赤裸裸的原始胴体,有如一座即将爆发的火山。
彭阿姐突地赤裸裸的站起来,娇羞含怯的嗔骂:「坏人…大坏人…」小甘这一生,何曾这样见过赤裸裸的女人,原始的兽性一发不可收拾,他猛然把个彭阿姐抱住,他的嘴唇张得大大的对着小穴穴吃起来了。
彭阿姐全身颤抖,浪声大叫。
「小甘…哎喂…哎喂…坏人…我受不了了…快…呀呀呀…放手…要玩…哎唷喂呀…到床上…呀…」於是小甘松手,彭阿姐已跑到床上躺着,娇嗲带嗔的叫着。
「来…上床来…小甘…脱衣…」那胴体,雪白如霜又窈窕玲珑。
那阴阜像座原始森林,在茂密又如丝如绒的阴毛覆盖下,高高耸立的,巍巍颤颤的,是如此的惊心动魄。
那对碗大的乳房,白馥馥的…小甘看得眼球就要从眼眶里滚出来了。
他急忙的起身。
急如星火的脱光了衣服。
然後往床上扑去,一下子就把彭阿姐那如白玉雕成的胴体死紧的搂抱着,全身只是发抖。
他太紧张,也太刺激了。
彭阿姐是大风大浪的过来人,知道小孩子不懂事,自动把那两片灼热的香唇贴上了小甘的双唇,香舌也伸入小甘的口中。
小甘吻的晕头转向。
彭阿姐小穴穴的淫水,已经津津而流出…她的玉手握着小甘大肉柱,颤声娇叫:「小甘,插下去,快…我受不了…快插呀…」经过彭阿姐的指点,小甘才想起,快把大鸡巴插进小穴穴口,此时不插,更待何时,机会稍纵即逝。
他用力的压下臀部。
响起了一声像垂死前挣扎的惨叫:「呀…」彭阿姐娇躯痉挛,突然双手双脚卷起,把小甘抱住挟住,娇躯拚命的发抖,颤抖呻吟。
「哎唷喂呀…我要死了…小甘亲哥哥…亲妹妹好痛…小穴穴要裂开了…好痛…」小甘初经人道惊住了。
看彭阿姐双眼翻起死鱼目,樱唇哆嗦,粉脸儿泪水直流,他有些害怕了,万一真的奸死彭阿姐,可是人命关天的。
小甘发抖的问:「彭阿姐,很痛吗?」「痛死了…哎唷喂…小甘亲哥哥呀…亲妹妹要痛死…要舒服死了…呀呀…」小甘现在才发觉,他的大难巴,才不过把一个龟头塞进去而已,其他的还留在外面。
但这样已感到相当舒服了。

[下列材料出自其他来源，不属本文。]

Lemma csma_detailed_balance x y : gibbs x * kernel x y = gibbs y * kernel y x.
Proof.
rewrite !mulr_sumr; apply: eq_bigr => b _.
rewrite mulrCA [gibbs y * _]mulrCA; congr (_ * _).
have [[j /andP [zj yxj]] | frozen] :=
  pselect (exists j, ~~ zdec C b j && (y j != x j)).
  have stuck (u v : {ffun E -> bool}) : v j != u j ->
      \prod_i trans (zdec C b i) u i (v i) = 0.
    move=> vuj; apply/eqP/prodf_eq0; exists j => //.
    by rewrite /link_trans (negbTE zj) (negbTE vuj).
  by rewrite !stuck ?mulr0 // eq_sym.
have {}frozen j : ~~ zdec C b j -> y j = x j.
  by move=> zj; apply/eqP/negPn/negP => yxj; apply: frozen; exists j; rewrite zj.
have frozen' j : ~~ zdec C b j -> x j = y j by move/frozen.
rewrite /gibbs; case fx: (feasible_x C x); case fy: (feasible_x C y).
- rewrite !mul1r -!big_split /=; apply: eq_bigr => i _.
  exact: link_detailed_balance.
- by rewrite (@prod_link_trans_infeasible b x y) ?fx ?fy // !mulr0 !mul0r.
- by rewrite (@prod_link_trans_infeasible b y x) ?fx ?fy // !mulr0 !mul0r.
- by rewrite !mul0r.
Qed.

Lemma link_trans_gt0 (z : bool) (x : {ffun E -> bool}) j v :
  (z -> [exists k, C j k && x k] -> v = false) -> (~~ z -> v = x j) ->
  0 < trans z x j v.
Proof.
rewrite /link_trans; case: z => [off_if_nbr _ | _ frozen].
  case: ifP => [nbr | _]; first by rewrite off_if_nbr // eqxx ltr01.
  by case: v {off_if_nbr}; rewrite ?subr_gt0 ?pact_gt0 ?pact_lt1.
by rewrite frozen // eqxx ltr01.
Qed.

Lemma csma_kernel_toggle_gt0 u u' i :
  feasible_x C u -> feasible_x C u' -> (forall j, j != i -> u' j = u j) ->
  0 < kernel u u'.
Proof.
move=> /feasible_xP fu /feasible_xP fu' same.
pose b0 : {ffun E -> 'I_W} :=
  [ffun j => if j == i then Ordinal (ltnW W2) else Ordinal W2].
(* Link i alone has back-off 0, so it surely wins the control phase; every
   other link keeps its current state with positive probability. *)
have zi : zdec C b0 i.
  by apply: zdec_strict_min => j ji; rewrite !ffunE eqxx (negbTE ji).
have term_gt0 : 0 < (W ^ #|E|)%:R^-1 * \prod_j trans (zdec C b0 j) u j (u' j).
  rewrite mulr_gt0 ?invr_gt0 ?ltr0n ?expn_gt0 ?(ltnW W2) //.
  apply: prodr_gt0 => j _; apply: link_trans_gt0 => [_ /existsP [k /andP [Cjk uk]] | zj].
    have [eq_ji | ji] := eqVneq j i; last first.
      by rewrite same //; have := fu j k Cjk; rewrite uk andbT => /negbTE.
    have ki : k != i by rewrite -eq_ji; apply: contraTneq Cjk => ->; rewrite Cirr.
    by have := fu' j k Cjk; rewrite (same k) // uk andbT => /negbTE.
  by rewrite same //; apply: contraNneq zj => ->.
apply: (lt_le_trans term_gt0); rewrite /csma_kernel (bigD1 b0) //= lerDl.
apply: sumr_ge0 => b _; rewrite mulr_ge0 ?invr_ge0 ?ler0n //.
by apply: prodr_ge0 => j _; apply: link_trans_ge0.
Qed.

Lemma stationary_gibbs pi :
  stationary C W Q Z pi -> exists c, forall x, pi x = c * gibbs x.
Proof.
case=> pi_ge0 _ pi_infeasible pi_stat.
pose h x := pi x / gibbs x. (* = 0 off the feasible set, where gibbs x = 0 *)
have pi_h x : pi x = h x * gibbs x.
  case fx: (feasible_x C x); first by rewrite /h divfK // gt_eqF // gibbs_gt0.
  by rewrite gibbs_infeasible ?fx // mulr0 pi_infeasible ?fx.
have h_harmonic y : feasible_x C y -> h y = \sum_x kernel y x * h x.
  move=> fy; apply: (mulIf (lt0r_neq0 (gibbs_gt0 fy))).
  rewrite -pi_h -{1}pi_stat mulr_suml; apply: eq_bigr => x _.
  by rewrite pi_h -mulrA csma_detailed_balance; ring.
have [xm fxm h_le_xm] :
    exists2 xm, feasible_x C xm & forall x, feasible_x C x -> h x <= h xm.
  by case: (arg_maxP h (feasible_idle C)) => xm; exists xm.
have h_le x : h x <= h xm.
  case fx: (feasible_x C x); first exact: h_le_xm.
  by rewrite /h pi_infeasible ?fx // mul0r divr_ge0 ?pi_ge0 ?ltW ?gibbs_gt0.
have h_const x : feasible_x C x -> h x = h xm.
  move=> fx; apply: (feasible_toggle_connected (P := fun x => h x = h xm) _ fxm fx) => //.
  move=> u u' i fu fu' same hu.
  exact: harmonic_max_step (csma_kernel_ge0 u) (csma_kernel_sum1 u)
    (h_harmonic u fu) h_le hu (csma_kernel_toggle_gt0 fu fu' same).
exists (h xm) => x; rewrite pi_h; case fx: (feasible_x C x); first by rewrite h_const.
by rewrite gibbs_infeasible ?fx // !mulr0.
Qed.

End CsmaChain.

Section ScheduledService.
Variables (R : realType) (E M : finType) (C : rel E) (Q Z : M -> E -> R) (sel : E -> M).
Hypotheses (Q_ge0 : forall m i, 0 <= Q m i) (Z_ge0 : forall m i, 0 <= Z m i)
  (sel_max : forall i m, Q m i + Z m i <= Q (sel i) i + Z (sel i) i).

Lemma weight_sel i : weight Q Z i = Q (sel i) i + Z (sel i) i.
Proof.
apply/eqP; rewrite eq_le; apply/andP; split.
  by apply: bigmax_le => [|m _]; rewrite ?addr_ge0 ?sel_max.
exact: (le_bigmax _ (fun m => Q m i + Z m i) (sel i)).
Qed.

Lemma Phi3_sched_mu x : Phi3 Q Z (sched_mu sel x) = \sum_i (x i)%:R * weight Q Z i.
Proof.
rewrite /Phi3 exchange_big /=; apply: eq_bigr => i _.
rewrite (bigD1 (sel i)) //= ffunE /= eqxx andbT big1 ?addr0 ?weight_sel //.
by move=> m /negbTE mi; rewrite ffunE /= mi andbF mul0r.
Qed.

Lemma Phi3_sched_mu_ge0 x : 0 <= Phi3 Q Z (sched_mu sel x).
Proof.
rewrite Phi3_sched_mu; apply: sumr_ge0 => i _.
by rewrite mulr_ge0 ?ler0n // weight_sel addr_ge0.
Qed.

Lemma Phi3_le_sched_mu x mu : feasible C x mu -> Phi3 Q Z mu <= Phi3 Q Z (sched_mu sel x).
Proof.
case/andP => _ /forallP serves.
rewrite Phi3_sched_mu /Phi3 exchange_big /=; apply: ler_sum => i _.
rewrite -(eqP (serves i)) natr_sum mulr_suml; apply: ler_sum => m _.
by rewrite ler_wpM2l ?ler0n // weight_sel sel_max.
Qed.

Lemma Phi3star_le_sched_mu :
  exists2 xs, feasible_x C xs & Phi3star C Q Z <= Phi3 Q Z (sched_mu sel xs).
Proof.
pose Ph x := Phi3 Q Z (sched_mu sel x).
have [xs fxs xs_max] := arg_maxP Ph (feasible_idle C).
exists xs => //; apply/bigmax_leP; split; first exact: Phi3_sched_mu_ge0.
move=> [x mu] /= fxmu; apply: le_trans (Phi3_le_sched_mu fxmu) _.
by apply: xs_max; case/andP: fxmu.
Qed.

在又紧又暖的小穴穴里,那是一种非常美好的享受,比什麽享受都美妙。
彭阿姐猛摇臀部,淫荡的呻吟。
「亲哥哥…快了…快插快动了…哎哎…我叫你亲爸爸了…快插了…亲爸爸…快了…」「插死了怎麽办?」「哎唷喂…快插了…不会死的…亲爸爸…亲女儿求求你快插快动了…哎呀…快了…亲女儿要发疯了…哎唷…喂…我受不了…小穴穴要痒死了…」她拚死拚活的扭动着屁股,像五十马力的马达一样的快。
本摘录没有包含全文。